What a brilliant ending! At the beginning of the film Alexander tells his son the story of a monk watering a dead tree for years until it suddenly is full of leaves again. Then they both plant a dead tree. In this final scene, we see Alexander’s son watering their dead tree; and when the camera moves upwards and stops at the tree’s empty top, the reflection of the sunlight on the waves of the sea gives the impression of leaves moving gently in the wind. An incredible scene!
"The little man" rather. Nameless. Contemplation or thinking (words). When I watch his films it is almost pure contemplation. Thinking comes afterwards, maybe to screw it all up.
To see it as hallucination or fantasy or dream, whatever, is exactly seeing it symbolically, not literally.
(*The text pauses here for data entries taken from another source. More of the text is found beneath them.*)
Lemma Reps_gradient_ge {x y A eps xi l r B delta zt m1 m2 v} :
  U x -> U y -> norm x <= B -> norm y <= B -> 0 < B -> 0 < l -> 0 < r ->
  lipschitz_on V (f x) l -> lipschitz_vec_on V (gradf x) r ->
  (forall w, In w A -> V w) -> zeta_is V f phi x zt ->
  dH_is (Rmaxset V f phi x) (fun w => In w A) m1 ->
  dH_is (fun w => In w A) (Slocset V f x) m2 -> Rmax m1 m2 <= delta ->
  (match zt with None => True | Some zv => delta < / 2 * (zv - eps) / l end) ->
  delta <= / 2 * xi / (r * B) -> Reps f A x eps v ->
  phi x - phi y - xi <= dot (gradf x v) (vsub x y).
Proof.
move=> Ux Uy Bx By HB Hl Hr Hlip Hlipg HAV Hzeta H1 H2 Hm Hdelta Hxi Hv.
have [s [Rs Hvs]] := Reps_near_Rmaxset Ux Hl Hlip HAV Hzeta H1 H2 Hm Hdelta Hv.
have Hs := Rmaxset_gradient_ge Ux Uy Rs.
have Hg : norm (vsub (gradf x v) (gradf x s)) <= r * delta.
{ apply: Rle_trans (Hlipg _ _ (HAV _ Hv.1) Rs.1) _.
  by apply: Rmult_le_compat_l; lra. }
have /Rabs_le_between := Rabs_dot_sub_le Hg Bx By.
have : 2 * (r * delta * B) <= xi.
{ have : r * B * delta <= r * B * (/ 2 * xi / (r * B))
    by apply: Rmult_le_compat_l => //; nra.
  have -> : r * B * (/ 2 * xi / (r * B)) = xi / 2 by field; nra.
  lra. }
rewrite dotBl; lra.
Qed.

End ApproximateSubgradient.

Lemma runmin_ge (g : nat -> R) c : (forall i, c <= g i) -> forall n, c <= runmin g n.
Proof. by move=> H; elim=> [|n IH] /=; [apply: H | apply: Rmin_glb]. Qed.

Lemma runmin_le (g : nat -> R) k n : (k <= n)%nat -> runmin g n <= g k.
Proof.
elim: n => [|n IH]; first by rewrite leqn0 => /eqP ->; apply: Rle_refl.
rewrite leq_eqVlt => /orP [/eqP -> | Hk] /=; first exact: Rmin_r.
exact: Rle_trans (Rmin_l _ _) (IH Hk).
Qed.

Lemma runmin_cv (g : nat -> R) c :
  (forall n, c <= g n) -> (forall e, 0 < e -> exists k, g k < c + e) ->
  Un_cv (runmin g) c.
Proof.
move=> Hge Hnear e He; have [k Hk] := Hnear e He.
exists k => n /leP Hn; have := @runmin_le g k n Hn; have := runmin_ge _ _ Hge n.
by rewrite /Rdist; split_Rabs; lra.
Qed.

Lemma partial_sum_le_lim {a : nat -> R} {s} :
  (forall i, 0 <= a i) -> Un_cv (fun n => sum_f_R0 a n) s ->
  forall n, sum_f_R0 a n <= s.
Proof. by move=> Ha; apply: growing_ineq => n /=; have := Ha n.+1; lra. Qed.

Lemma nonincreasing_from (W : nat -> R) i0 :
  (forall n, (i0 <= n)%nat -> W (S n) <= W n) -> forall n, (i0 <= n)%nat -> W n <= W i0.
Proof.
move=> HW n /subnK <-; elim: (n - i0)%nat => [|k IH] /=; first exact: Rle_refl.
exact: Rle_trans (HW _ (leq_addl _ _)) IH.
Qed.

Lemma subgradient_descent_near_min {e g rho xi : nat -> R} {c K X Y : R} {i0 : nat} :
  (forall i, 0 <= e i) -> (forall i, 0 <= rho i /\ 0 <= xi i) -> 0 <= K ->
  (forall i, (i0 <= i)%nat ->
     e (S i) <= e i - 2 * rho i * (g i - c - xi i) + rho i ^ 2 * K) ->
  cv_infty (fun n => sum_f_R0 rho n) ->
  Un_cv (fun n => sum_f_R0 (fun i => rho i ^ 2) n) Y ->
  Un_cv (fun n => sum_f_R0 (fun i => rho i * xi i) n) X ->
  forall eps, 0 < eps -> exists k, g k < c + eps.
Proof.
move=> He Hnn HK Hstep Hinf HY HX eps Heps; apply: NNPP => Hfar.
have Hall k : c + eps <= g k by apply: Rnot_lt_le => Hk; apply: Hfar; exists k.
(* W is nonincreasing from i0 on, yet grows like 2 eps sum rho. *)
set W := fun n => e (S n) + 2 * eps * sum_f_R0 rho n
  - 2 * sum_f_R0 (fun i => rho i * xi i) n - K * sum_f_R0 (fun i => rho i ^ 2) n.
have HW : forall n, (i0 <= n)%nat -> W n <= W i0.
{ apply: nonincreasing_from => n Hn; have [Hrho _] := Hnn (S n).
  have := Hstep (S n) (leqW Hn).
  have := Rmult_le_compat_l _ (eps - xi (S n)) (g (S n) - c - xi (S n)) Hrho
    ltac:(have := Hall (S n); lra).
  rewrite /W /=; lra. }
have HXn := partial_sum_le_lim (fun i => Rmult_le_pos _ _ (Hnn i).1 (Hnn i).2) HX.
have HYn := partial_sum_le_lim (fun i => pow2_ge_0 (rho i)) HY.
set M := (W i0 + 2 * X + K * Y) / (2 * eps).
have EM : 2 * eps * M = W i0 + 2 * X + K * Y by rewrite /M; field; lra.
have [N HN] := Hinf M; set n := (i0 + N)%nat.
have : 2 * eps * M < 2 * eps * sum_f_R0 rho n.
{ by apply: Rmult_lt_compat_l; [lra | apply: HN; apply/leP; apply: leq_addl]. }
have := HW n (leq_addr _ _); have := He (S n); have := HXn n.
have : K * sum_f_R0 (fun i => rho i ^ 2) n <= K * Y by apply: Rmult_le_compat_l.
rewrite /W in EM *; lra.
Qed.

Theorem mainTheorem5 (d D : nat) (U : vec d -> Prop) (V : vec D -> Prop)
  (B L l r : R) (f : vec d -> vec D -> R) (gradf : vec d -> vec D -> vec d)
  (phi : vec d -> R) (ustar : vec d)
  (u : nat -> vec d) (A : nat -> list (vec D)) (eps rho xi : nat -> R)
  (z : nat -> vec d) (i0 : nat) :
  compact_set U -> convex_set U -> compact_set V -> convex_set V ->
  (forall x, U x -> norm x <= B) ->
  0 < B -> 0 < l -> 0 < r ->
  cont_on2 U V f ->
  (forall v, V v -> convex_fun_on U (fun x => f x v)) ->
  (forall v, V v -> has_gradient_on U (fun x => f x v) (fun x => gradf x v)) ->
  (forall x v, U x -> V v -> norm (gradf x v) <= L) ->
  (forall x, U x -> lipschitz_on V (f x) l) ->
  (forall x, U x -> lipschitz_vec_on V (gradf x) r) ->
  (forall x, U x -> is_max_on V (f x) (phi x)) ->
  U ustar -> (forall x, U x -> phi ustar <= phi x) ->
  (forall i, U (u i)) ->
  (forall i v, In v (A i) -> V v) ->
  (forall i, 0 <= eps i /\ 0 <= rho i /\ 0 <= xi i) ->
  (forall i, conv_hull (fun w => exists v, Reps f (A i) (u i) (eps i) v /\ w = gradf (u i) v) (z i)) ->
  (forall i, u (S i) = vsub (u i) (vscale (rho i) (z i))) ->
  (forall i, (i0 <= i)%nat ->
     finite_set (Rmaxset V f phi (u i)) /\ finite_set (Slocset V f (u i)) /\
     exists zt delta,
       zeta_is V f phi (u i) zt /\
       (match zt with None => True | Some zv => eps i < zv end) /\
       (exists m1 m2, dH_is (Rmaxset V f phi (u i)) (fun v => In v (A i)) m1 /\
                      dH_is (fun v => In v (A i)) (Slocset V f (u i)) m2 /\
                      Rmax m1 m2 <= delta) /\
       (match zt with None => True | Some zv => delta < / 2 * (zv - eps i) / l end) /\
       delta <= / 2 * xi i / (r * B)) ->
  cv_infty (fun n => sum_f_R0 rho n) ->
  (exists s, Un_cv (fun n => sum_f_R0 (fun i => rho i ^ 2) n) s) ->
  (exists s, Un_cv (fun n => sum_f_R0 (fun i => rho i * xi i) n) s) ->
  Un_cv (runmin (fun i => phi (u i))) (phi ustar).
Proof.
move=> _ convU _ _ normB HB Hl Hr _ f_convex f_gradient gradL f_lip grad_lip phi_max
  Ustar phi_min Uu AV Hnn Hz Hupd Hi0 Hinf [Y HY] [X HX].
apply: runmin_cv => [n|]; first exact: phi_min.
apply: (subgradient_descent_near_min
  (e := fun i => dot (vsub (u i) ustar) (vsub (u i) ustar)) (K := L ^ 2)
  (fun i => dot_self_ge0 _) (fun i => conj (Hnn i).2.1 (Hnn i).2.2) (pow2_ge_0 L)
  _ Hinf HY HX) => i Hi.
have [_ [_ [zt [delta [Hzeta [_ [[m1 [m2 [H1 [H2 Hm]]]] [Hdelta Hxi]]]]]]]] := Hi0 i Hi.
rewrite Hupd; apply: (sqdist_subgradient_step (Hnn i).2.1 (Hz i)) => _ [v [Hv ->]].
split; last by apply: gradL; [exact: Uu | exact: AV Hv.1].
exact: (Reps_gradient_ge convU f_convex f_gradient phi_max (Uu i) Ustar
  (normB _ (Uu i)) (normB _ Ustar) HB Hl Hr (f_lip _ (Uu i)) (grad_lip _ (Uu i)) (AV i)
  Hzeta H1 H2 Hm Hdelta Hxi Hv).
Qed.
The scene, the entire film actually, is the finest of the comedies, the most subtle sense of humor in each and every scene, with the most penetrating caricatures of each and every character. Sublime and hilarious at the same time. Being or doing, that is the final question. The "boy" has the answer.
A very deceitful comment... to ignore deliberately the symbolic elements of the scene, and laughing at that as if they were a literal thing. To change your inner world is actually to DO something. Without that inner change whatever yo DO in real life is useles and meaninles... that is why you can't help but laughing at something yo DO not understand. What is really sad is your mere literal interpretation nor just of this scene but of your own existance.